Insurtech and MGA’s


In a definitive judgment dated October 2, 2023, Paris Commercial Court ruled that brokerage practices are binding on Managing General Agent (MGAs) (as well as insurers), as they act as agents of insurers. Consequently, they must, among other things, respect the commission rights of the introducing broker.

Jérôme GOY
Partner at Enthemis law firm


The volume of so-called affinity insurance policies, whether through traditional channels or Insurtech, continues to grow. This type of distribution involves several insurance intermediaries, including an MGA, in all branches of insurance.

A definitive judgment from Paris Commercial Court on October 2, 2023 (1), draws all the practical consequences from this, which should be noted by all brokers.

The insured risks (French expatriates in Asia) were non-French health insurance risks. The insurance programs were subscribed to by the association of insured persons April with Groupama Gan Vie and were governed by French insurance law. The marketing and management of these policies were carried out under a partnership agreement concluded by the neo-broker with the April group. The agreement between the neo-broker and the wholesaler explicitly referred to brokerage practices and the Moral Code of Planete CSCA [association of insurance brokers).

The judges generally apply these professional rules of practice to which insurers and brokers submit, as the Court of Cassation recalls (2). Brokerage practices, including the right to commission, are, for reference, applicable to French MGAs (3).

Good to know 

In the code of ethics for brokers, brokerage practices refer to professional rules of practice to which insurers and brokers submit. The first practices appeared in 1935 and are still relevant for most.


The question therefore arose as to the applicable law to the contractual relationship between brokers, a relationship which, for reference, is entirely independent of the law applicable to the insurance policy. Although they were “non-French” risks, the distribution agreement was also subject to French law. The court therefore retains the jurisdiction of French judges and French law. The judge concludes that French brokerage practices also apply to the policy in question, including the obligation on the MGA to comply with them.

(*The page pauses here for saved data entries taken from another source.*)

(* Let $\mathcal{J}$ be a Jordan subalgebra of $H(F_{2n},j)$ isomorphic to $F_n^{(+)}$. Then there is an automorphism $\varphi$ of $H(F_{2n},j)$ such that $$\varphi(\mathcal{J})=\left\{\begin{pmatrix} X & 0\\ 0 & X^t\end{pmatrix} : X\in F_n\right\}.$$
   Context: $F$ is an algebraically closed field of characteristic different from $2$. $F_k$ denotes the algebra of $k\times k$ matrices over $F$; $F_k^{(+)}$ is the Jordan algebra on $F_k$ with product $X\odot Y=\frac{XY+YX}{2}$; $H(F_{2n},j)$ is the Jordan subalgebra of $F_{2n}^{(+)}$ consisting of all matrices $\begin{pmatrix} A & B\\ C & A^t\end{pmatrix}$ with $A\in F_n$ arbitrary and $B,C\in F_n$ skew-symmetric. Automorphisms are Jordan algebra automorphisms. *)

From mathcomp Require Import all_boot all_order all_algebra.
Set Implicit Arguments. Unset Strict Implicit. Unset Printing Implicit Defensive.
Import GRing.Theory.
Local Open Scope ring_scope.

Section Jordan.
Variable F : fieldType.

Definition jprod (m : nat) (X Y : 'M[F]_m) : 'M[F]_m :=
  (2%:R)^-1 *: (X *m Y + Y *m X).

Definition inHj (n : nat) (M : 'M[F]_(n + n)) : Prop :=
  exists (A B C : 'M[F]_n),
    B^T = - B /\ C^T = - C /\ M = block_mx A B C A^T.

Definition jordan_subalgebra_Hj (n : nat) (J : 'M[F]_(n + n) -> Prop) : Prop :=
  (forall M, J M -> inHj M) /\
  J 0 /\
  (forall (a : F) M N, J M -> J N -> J (a *: M + N)) /\
  (forall M N, J M -> J N -> J (jprod M N)).

Definition jiso_to_Fn_plus (n : nat) (J : 'M[F]_(n + n) -> Prop) : Prop :=
  exists psi : 'M[F]_n -> 'M[F]_(n + n),
    (forall (a : F) X Y, psi (a *: X + Y) = a *: psi X + psi Y) /\
    injective psi /\
    (forall M, J M <-> exists X, psi X = M) /\
    (forall X Y, psi (jprod X Y) = jprod (psi X) (psi Y)).

Definition jautomorphism_Hj (n : nat) (phi : 'M[F]_(n + n) -> 'M[F]_(n + n)) : Prop :=
  (forall M, inHj M -> inHj (phi M)) /\
  (forall (a : F) M N, inHj M -> inHj N -> phi (a *: M + N) = a *: phi M + phi N) /\
  (forall M N, inHj M -> inHj N -> phi M = phi N -> M = N) /\
  (forall N, inHj N -> exists M, inHj M /\ phi M = N) /\
  (forall M N, inHj M -> inHj N -> phi (jprod M N) = jprod (phi M) (phi N)).

End Jordan.

From HB Require Import structures.
From mathcomp Require Import all_boot all_order all_algebra.
Set Implicit Arguments. Unset Strict Implicit. Unset Printing Implicit Defensive.
Import GRing.Theory.
Local Open Scope ring_scope.

(* Put u_ij = psi(e_ij) for the given Jordan isomorphism psi from F_n^(+) onto J.
   These satisfy u_ij u_kl + u_kl u_ij = [j = k] u_il + [l = i] u_kj, and the
   goal is to conjugate them into the model u_ij = diag(e_ij, e_ji).  A vector v
   with u_oo v = v and u_ok v = 0 for k <> o (in the model, v = (e_o, 0); one is
   found in the image of the idempotent u_oo u_oi u_io u_oo, or of u_oo if n = 1)
   satisfies u_ij (u_ko v) = [j = k] u_io v, so the matrix L with columns u_jo v
   has psi(X) L = L X.  The transposed units u_ji give likewise L' with
   psi(X) L' = L' X^T.  Every u_ij is self-adjoint for the skew form S defining
   j, whence L^T S L = 0 = L'^T S L', and v, v' can be normalised so that
   L^T S L' = 1.  Hence Q = [L L'] is symplectic, conjugation by Q^-1 is an
   automorphism of H(F_{2n}, j), and it sends psi(X) to diag(X, X^T). *)

Lemma mulmxMnl (R : pzSemiRingType) p q r (A : 'M[R]_(p, q)) (B : 'M_(q, r)) k :
  A *+ k *m B = (A *m B) *+ k.
Proof. exact: (raddfMn (mulmxr B)). Qed.

Lemma mulmxMnr (R : pzSemiRingType) p q r (A : 'M[R]_(p, q)) (B : 'M_(q, r)) k :
  A *m (B *+ k) = (A *m B) *+ k.
Proof. exact: raddfMn. Qed.
Theorem theorem4p6 (n : nat) (a b d : R) (A : pset) :
  (0 < n)%nat -> Nat.Even n ->
  0 <= a -> a < b -> 0 < d ->
  totally_dissected A n a b d ->
  a < cos (PI / INR n) / sin (PI / INR n) ->
  ~ drawable A.
Proof.
  intros Hn Heven Ha Hab Hd (P & th0 & o & Hdis & Halt) Hcot [m HA].
  (* Evenness is only needed to rule out n = 1. *)
  assert (Hsin : 0 < sin (PI / INR n)).
  { apply sin_PI_div_pos. destruct Heven as [k Hk]. lia. }
  apply (D_not_rays_dissect P th0 n Hn m A HA Hsin o a b d Halt Ha Hab Hd); [| exact Hdis].
  apply (Rmult_lt_compat_r (sin (PI / INR n))) in Hcot; [| exact Hsin].
  unfold Rdiv in Hcot. rewrite Rmult_assoc, Rinv_l in Hcot by lra. lra.
Qed.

Brokerage practices were designed to protect brokers from insurers and prevent onerous replacement orders to the benefit of their agents. The role of an MGA is closer to that of an agent of insurers than an agent of insured persons. 

It is therefore logical that these practices effectively protect the introducing broker against the practices of the MGA. This is notwithstanding the context of foreign risks, as the relationship between brokers here is governed by French law. As the MGA acts as an agent of insurers, brokerage practices are binding on them, just as they are on insurers. 

They must notably respect the commission rights of the introducing broker. Even though established in 1935, these practices still preserve the interests of brokers, whether new or traditional, especially in the context of collective membership policies, where it is easy to bypass the introducing broker.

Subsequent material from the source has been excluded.